*Exercise goal*.
Only a slice of the listing below is wanted. Retype the lines from the one containing "apply/existsP; exists g;" through the one containing "move=> /has_phase_seq_nphases /existsP[f", exactly, both ends included.

*Supplied material*.
____________

Lemma has_phase_seq_compress r m (f : T -> 'I_m) : phase_assignment r f ->
  exists2 k, (k <= m) && (k <= n) & has_phase_seq e r k.
Proof.
move=> [cfree resp]; have [g [onto gE]] := exists_rank_compression f.
exists #|f @: T|.
  by rewrite leq_imset_card andbT (leq_trans (max_card _)) ?card_ord.
have g_eq x y : g x = g y -> f x = f y.
  by move=> gxy; apply: val_inj; case: (ltngtP (f x) (f y)) => //; rewrite -gE gxy ltnn.
apply/existsP; exists g; apply/respecting_phase_seqP; split => //.
split=> x y; first by move=> xy /g_eq; apply: cfree.
by rewrite gE; apply: resp.
Qed.

Lemma nphases_le r m (f : T -> 'I_m) : phase_assignment r f -> nphases e r <= m.
Proof.
case/has_phase_seq_compress => k /andP[km kn] hk; apply: leq_trans km.
rewrite leqNgt; apply/negP => /(before_find 0).
by rewrite nth_iota ?add0n ?ltnS // hk.
Qed.

Lemma total_order_phase_assignment r : total_order r -> phase_assignment r r.
Proof.
move/injectiveP => r_inj; split=> [x y xy /r_inj xy_eq|//].
by rewrite xy_eq eqxx in xy.
Qed.

Lemma has_phase_seq_nphases r : total_order r -> has_phase_seq e r (nphases e r).
Proof.
move/total_order_phase_assignment/has_phase_seq_compress => [k /andP[_ kn] hk].
have hs : has (has_phase_seq e r) (iota 0 n.+1).
  by apply/hasP; exists k; rewrite // mem_iota add0n ltnS.
by have := nth_find 0 hs; rewrite has_find size_iota in hs; rewrite nth_iota.
Qed.

Lemma chain_size_le_nphases r (l : seq T) : total_order r ->
  sorted e l -> sorted (fun x y => r x < r y) l -> size l <= nphases e r.
Proof.
move=> /has_phase_seq_nphases /existsP[f /respecting_phase_seqP[_ [_ resp]]] le lr.
have lf : sorted (fun i j : 'I_(nphases e r) => i < j) (map f l).
  rewrite sorted_map; have := lr; rewrite -(andTb (sorted _ l)) -le -sorted_relI.
  by apply: sub_sorted => x y /andP[]; apply: resp.
have /card_uniqP : uniq (map f l).
  by apply: sorted_uniq lf; [apply: ltn_trans | apply: ltnn].
by rewrite size_map => <-; rewrite -[X in _ <= X]card_ord max_card.
Qed.

Lemma total_order_neq r x y : total_order r -> x != y -> (r x : nat) != r y.
Proof. by move/injectiveP => r_inj; apply: contraNneq => /val_inj/r_inj->. Qed.

Definition move_to_front_rank r v x : nat :=
  if x == v then 0 else if r x < r v then (r x).+1 else r x.

Definition move_to_front r v : {ffun T -> 'I_n} :=
  [ffun x => insubd (r x) (move_to_front_rank r v x)].

Lemma move_to_frontE r v x : (move_to_front r v x : nat) = move_to_front_rank r v x.
Proof.
rewrite ffunE val_insubd ifT // /move_to_front_rank.
case: eqP => _; first exact: leq_ltn_trans (leq0n _) (ltn_ord (r x)).
by case: (ltnP (r x) (r v)) => // lt; apply: leq_ltn_trans lt _.
Qed.

Lemma move_to_front_lt r v x y : total_order r -> x != v -> y != v ->
  (move_to_front r v x < move_to_front r v y) = (r x < r y).
Proof.
move=> r_tot xv yv; have := total_order_neq r_tot xv; have := total_order_neq r_tot yv.
rewrite !move_to_frontE /move_to_front_rank (negbTE xv) (negbTE yv).
by do 2 case: ifP; lia.
Qed.

Lemma move_to_front_first r v y : total_order r -> y != v ->
  move_to_front r v v < move_to_front r v y.
Proof.
move=> r_tot yv; have := total_order_neq r_tot yv.
by rewrite !move_to_frontE /move_to_front_rank eqxx (negbTE yv); case: ifP; lia.
Qed.

Lemma total_order_move_to_front r v : total_order r -> total_order (move_to_front r v).
Proof.
move=> r_tot; apply/injectiveP => x y mxy; apply/eqP; apply: contraT => xy.
have [xv|xv] := eqVneq x v; have [yv|yv] := eqVneq y v.
- by rewrite xv yv eqxx in xy.
- by have := move_to_front_first r_tot yv; rewrite xv in mxy; rewrite mxy ltnn.
- by have := move_to_front_first r_tot xv; rewrite yv in mxy; rewrite mxy ltnn.
have := total_order_neq r_tot xy; rewrite neq_ltn.
by rewrite -(move_to_front_lt r_tot xv yv) -(move_to_front_lt r_tot yv xv) mxy ltnn.
Qed.

Lemma nphases_move_to_front r v : total_order r ->
  nphases e (move_to_front r v) <= (nphases e r).+1.
Proof.
move=> r_tot; have /existsP[f /respecting_phase_seqP[_ [cfree resp]]] :=
  has_phase_seq_nphases r_tot.
pose f' x := if x == v then ord0 else lift ord0 (f x).
apply: (@nphases_le _ _ f'); split=> x y; rewrite /f'.
  have [-> | xv] := eqVneq x v; have [-> | yv] := eqVneq y v.
  - by [].
  - by move=> _ /(congr1 (@nat_of_ord _)); rewrite lift0.
  - by move=> _ /(congr1 (@nat_of_ord _)); rewrite lift0.
  - by move=> xy /lift_inj; apply: cfree.
have [-> | xv] := eqVneq x v; have [-> | yv] := eqVneq y v.
- by rewrite ltnn.
- by rewrite lift0.
- by move=> _; rewrite ltnNge ltnW // move_to_front_first.
- by rewrite !lift0 ltnS move_to_front_lt //; apply: resp.
Qed.

(* front_order r0 [:: v_1; ...; v_k] ranks v_1, ..., v_k first, in this
   order, followed by the other transactions in the order r0. *)
Fixpoint front_order r0 (l : seq T) : {ffun T -> 'I_n} :=
  if l is v :: l' then move_to_front (front_order r0 l') v else r0.

Lemma total_order_front_order r0 l : total_order r0 -> total_order (front_order r0 l).
Proof. by move=> r0_tot; elim: l => //= v l IH; apply: total_order_move_to_front. Qed.

Lemma sorted_front_order r0 l : total_order r0 -> uniq l ->
  sorted (fun x y => front_order r0 l x < front_order r0 l y) l.
Proof.
move=> r0_tot; elim: l => // v l IH /andP[vl l_uniq] /=.
have l_tot := total_order_front_order l r0_tot.
case: l IH vl l_uniq l_tot => // w l IH vl l_uniq l_tot /=; apply/andP; split.
  by apply: (move_to_front_first l_tot); apply: contraNneq _ vl => ->; apply: mem_head.
apply: (@sub_in_path _ (predC1 v)); last exact: IH.
  by move=> x y xv yv; rewrite (move_to_front_lt l_tot xv yv).
by apply/allP => x xl; apply: contraNneq _ vl => <-.
Qed.

End NumberOfPhases.

Section ConcurrencyLevels.
Variables (T : finType) (e : rel T).
Local Notation n := #|T|.
Implicit Types r : {ffun T -> 'I_n}.

Lemma nphases_front_order_ivt r0 l L : total_order r0 ->
  nphases e r0 <= L <= nphases e (front_order r0 l) ->
  exists2 r, total_order r & nphases e r = L.
Proof.
move=> r0_tot; elim: l => [|v l IH] /= L_range.
  by exists r0 => //; apply/eqP; rewrite eqn_leq.
have l_tot := total_order_front_order l r0_tot.
case/andP: L_range => r0L Lvl.
have [Ll | lL] := leqP L (nphases e (front_order r0 l)); first by apply: IH; rewrite r0L.
exists (move_to_front (front_order r0 l) v); first exact: total_order_move_to_front.
by apply/eqP; rewrite eqn_leq Lvl (leq_trans (nphases_move_to_front e v l_tot)).
Qed.

Lemma exists_total_order_nphases_le_Mmin :
  exists2 r0, total_order r0 & nphases e r0 <= Mmin e.
Proof.
rewrite /Mmin; apply: (big_ind (fun m => exists2 r0, total_order r0 & nphases e r0 <= m)).
- pose r := [ffun x => enum_rank x] : {ffun T -> 'I_n}.
  have r_tot : total_order r by apply/injectiveP => x y; rewrite !ffunE => /enum_rank_inj.
  by exists r => //; apply: nphases_le (total_order_phase_assignment e r_tot).
- move=> a b [ra ra_tot ha] [rb rb_tot hb].
  case: (leqP a b) => ab; first by exists ra; rewrite ?(minn_idPl ab).
  by exists rb; rewrite ?(minn_idPr (ltnW ab)).
- by move=> r r_tot; exists r.
Qed.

____________

*Answer to this problem*.
apply/existsP; exists g; apply/respecting_phase_seqP; split => //.
split=> x y; first by move=> xy /g_eq; apply: cfree.
by rewrite gE; apply: resp.
Qed.

Lemma nphases_le r m (f : T -> 'I_m) : phase_assignment r f -> nphases e r <= m.
Proof.
case/has_phase_seq_compress => k /andP[km kn] hk; apply: leq_trans km.
rewrite leqNgt; apply/negP => /(before_find 0).
by rewrite nth_iota ?add0n ?ltnS // hk.
Qed.

Lemma total_order_phase_assignment r : total_order r -> phase_assignment r r.
Proof.
move/injectiveP => r_inj; split=> [x y xy /r_inj xy_eq|//].
by rewrite xy_eq eqxx in xy.
Qed.

Lemma has_phase_seq_nphases r : total_order r -> has_phase_seq e r (nphases e r).
Proof.
move/total_order_phase_assignment/has_phase_seq_compress => [k /andP[_ kn] hk].
have hs : has (has_phase_seq e r) (iota 0 n.+1).
  by apply/hasP; exists k; rewrite // mem_iota add0n ltnS.
by have := nth_find 0 hs; rewrite has_find size_iota in hs; rewrite nth_iota.
Qed.

Lemma chain_size_le_nphases r (l : seq T) : total_order r ->
  sorted e l -> sorted (fun x y => r x < r y) l -> size l <= nphases e r.
Proof.
move=> /has_phase_seq_nphases /existsP[f /respecting_phase_seqP[_ [_ resp]]] le lr.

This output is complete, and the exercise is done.